→ **AVAILABLE DATA**

Lemma ecoordD k : {morph ecoord k : p q / p + q}.
Proof.
move=> p q; rewrite /ecoord -ecoordfD; congr ecoordf.
by apply/ffunP => h; rewrite !ffunE; apply: rmorphD.
Qed.

Lemma ecoordf_decomp w (j : 'I_n) :
  w (enum_val j) = \sum_k ecoordf k w * (val (enum_val j : I) (e k))%:P.
Proof.
transitivity (\sum_i (gal_mx *m invmx gal_mx) j i *: w (enum_val i)).
  rewrite mulmxV // (bigD1 j) //= big1 => [|i /negbTE ij].
    by rewrite !mxE eqxx scale1r addr0.
  by rewrite !mxE eq_sym ij scale0r.
under eq_bigr => i _ do rewrite mxE scaler_suml.
rewrite exchange_big; apply: eq_bigr => k _; rewrite mulr_suml; apply: eq_bigr => i _.
by rewrite [RHS]mulrC mul_polyC scalerA mxE.
Qed.

Lemma ecoord_decomp q : q = \sum_k ecoord k q * (e k)%:P.
Proof.
have := ecoordf_decomp [ffun h => coact h q] (enum_rank oneH).
rewrite enum_rankK ffunE coact_oneH => {1}->.
by apply: eq_bigr => k _; rewrite gal_id.
Qed.

Lemma ecoord_e k j : ecoord k (e j)%:P = (k == j)%:R%:P.
Proof.
have := congr1 (fun B : 'M_n => B k j) (mulVmx unit_gal_mx); rewrite !mxE => <-.
rewrite ecoordE rmorph_sum; apply: eq_bigr => i _.
by rewrite coactC -mul_polyC -polyCM !mxE.
Qed.

Lemma ecoord_coinv (h : I) k q : coact h (ecoord k q) = ecoord k q.
Proof.
rewrite !ecoordE rmorph_sum.
rewrite [RHS](reindex_inj (@perm_inj _ (rmul_perm h))); apply: eq_bigr => i _.
rewrite -(invmx_gal_perm h) enum_val_rmul_perm -coact_mulH.
exact: map_polyZ.
Qed.

Lemma ore_central_ecoordf k w :
  (forall h, ore_central s (w h)) -> ore_central s (ecoordf k w).
Proof.
move=> wC; apply: ore_central_sum => i.
by apply: ore_centralZ; [apply: invmx_gal_fixed | apply: wC].
Qed.

Lemma ore_central_coact (h : I) q : ore_central s q -> ore_central s (coact h q).
Proof. exact/ore_central_map/commute_s. Qed.

Lemma ore_central_ecoord k q : ore_central s q -> ore_central s (ecoord k q).
Proof.
by move=> qC; apply: ore_central_ecoordf => h; rewrite ffunE; apply: ore_central_coact.
Qed.

Lemma ecoordM k z q : coinvP coact z -> ecoord k (z * q) = z * ecoord k q.
Proof.
move=> zH; rewrite !ecoordE mulr_sumr; apply: eq_bigr => i _.
by rewrite rmorphM -scalerAr; congr (_ *: (_ * _)); apply: zH.
Qed.

Lemma ecoordf_mul k z q : ecoordf k [ffun h => z * coact h q] = z * ecoord k q.
Proof.
rewrite ecoordE mulr_sumr; apply: eq_bigr => i _.
by rewrite ffunE -scalerAr.
Qed.

Local Notation center := (Defs.centerP (ore_mul s)).
Local Notation center_coinv := (Zco (ore_mul s) coact).

Lemma ore_over_coinvP c : ore_over (fixedField H) c <-> coinvP coact c.
Proof.
split=> [cB h | cH i].
  by apply/polyP => i; rewrite coact_coef (fixedFieldP (memvf _) (cB i)) ?(valP h).
by apply/(fixedFieldP (memvf _)) => x Hx; rewrite -(coact_coef (exist _ x Hx)) cH.
Qed.

Lemma center_subgroup : subgroupP center.
Proof.
split=> [|x y /ore_centerP xC /ore_centerP yC | x /ore_centerP xC]; apply/ore_centerP.
- exact: ore_central0.
- exact: ore_centralD.
- exact: ore_centralN.
Qed.

Lemma center_coact z h : center z -> center (coact h z).
Proof. by move=> /ore_centerP zC; apply/ore_centerP/ore_central_coact. Qed.

Lemma center_e k : center (e k)%:P.
Proof. exact/ore_centerP/ore_centralC. Qed.

Lemma center_coinv_ecoord k z : center z -> center_coinv (ecoord k z).
Proof.
move=> /ore_centerP zC; split=> [|h]; last exact: ecoord_coinv.
exact/ore_centerP/ore_central_ecoord.
Qed.

Lemma center_ecoordf k (w : {ffun I -> {poly L}}) :
  (forall h, center (w h)) -> center (ecoordf k w).
Proof.
by move=> wZ; apply/ore_centerP/ore_central_ecoordf => h; apply/ore_centerP/wZ.
Qed.

Lemma center_mul a z : center a -> center z -> center (ore_mul s a z).
Proof.
move=> /ore_centerP aC /ore_centerP zC.
by apply/ore_centerP; rewrite ore_mul_centrall //; apply: ore_centralM.
Qed.

Lemma center_coinv_mul a z : center_coinv a -> center z -> center (ore_mul s a z).
Proof. by move=> [aZ _]; apply: center_mul. Qed.

Lemma center_decomp z : center z -> z = \sum_k ore_mul s (ecoord k z) (e k)%:P.
Proof.
move=> /ore_centerP zC; rewrite {1}(ecoord_decomp z).
by apply: eq_bigr => k _; rewrite ore_mul_centrall //; apply: ore_central_ecoord.
Qed.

→ **EXERCISE INSTRUCTIONS**
From the listing above, the lines starting with the one that has "Lemma center_coact z" and running through the one that has "Proof. by move=> [aZ" should be copied exactly, ends included.

→ **EXPECTED OUTPUT**
Lemma center_coact z h : center z -> center (coact h z).
Proof. by move=> /ore_centerP zC; apply/ore_centerP/ore_central_coact. Qed.

Lemma center_e k : center (e k)%:P.
Proof. exact/ore_centerP/ore_centralC. Qed.

Lemma center_coinv_ecoord k z : center z -> center_coinv (ecoord k z).
Proof.
move=> /ore_centerP zC; split=> [|h]; last exact: ecoord_coinv.
exact/ore_centerP/ore_central_ecoord.
Qed.

Lemma center_ecoordf k (w : {ffun I -> {poly L}}) :
  (forall h, center (w h)) -> center (ecoordf k w).
Proof.
by move=> wZ; apply/ore_centerP/ore_central_ecoordf => h; apply/ore_centerP/wZ.
Qed.

Lemma center_mul a z : center a -> center z -> center (ore_mul s a z).
Proof.
move=> /ore_centerP aC /ore_centerP zC.
by apply/ore_centerP; rewrite ore_mul_centrall //; apply: ore_centralM.
Qed.

Lemma center_coinv_mul a z : center_coinv a -> center z -> center (ore_mul s a z).
Proof. by move=> [aZ _]; apply: center_mul. Qed.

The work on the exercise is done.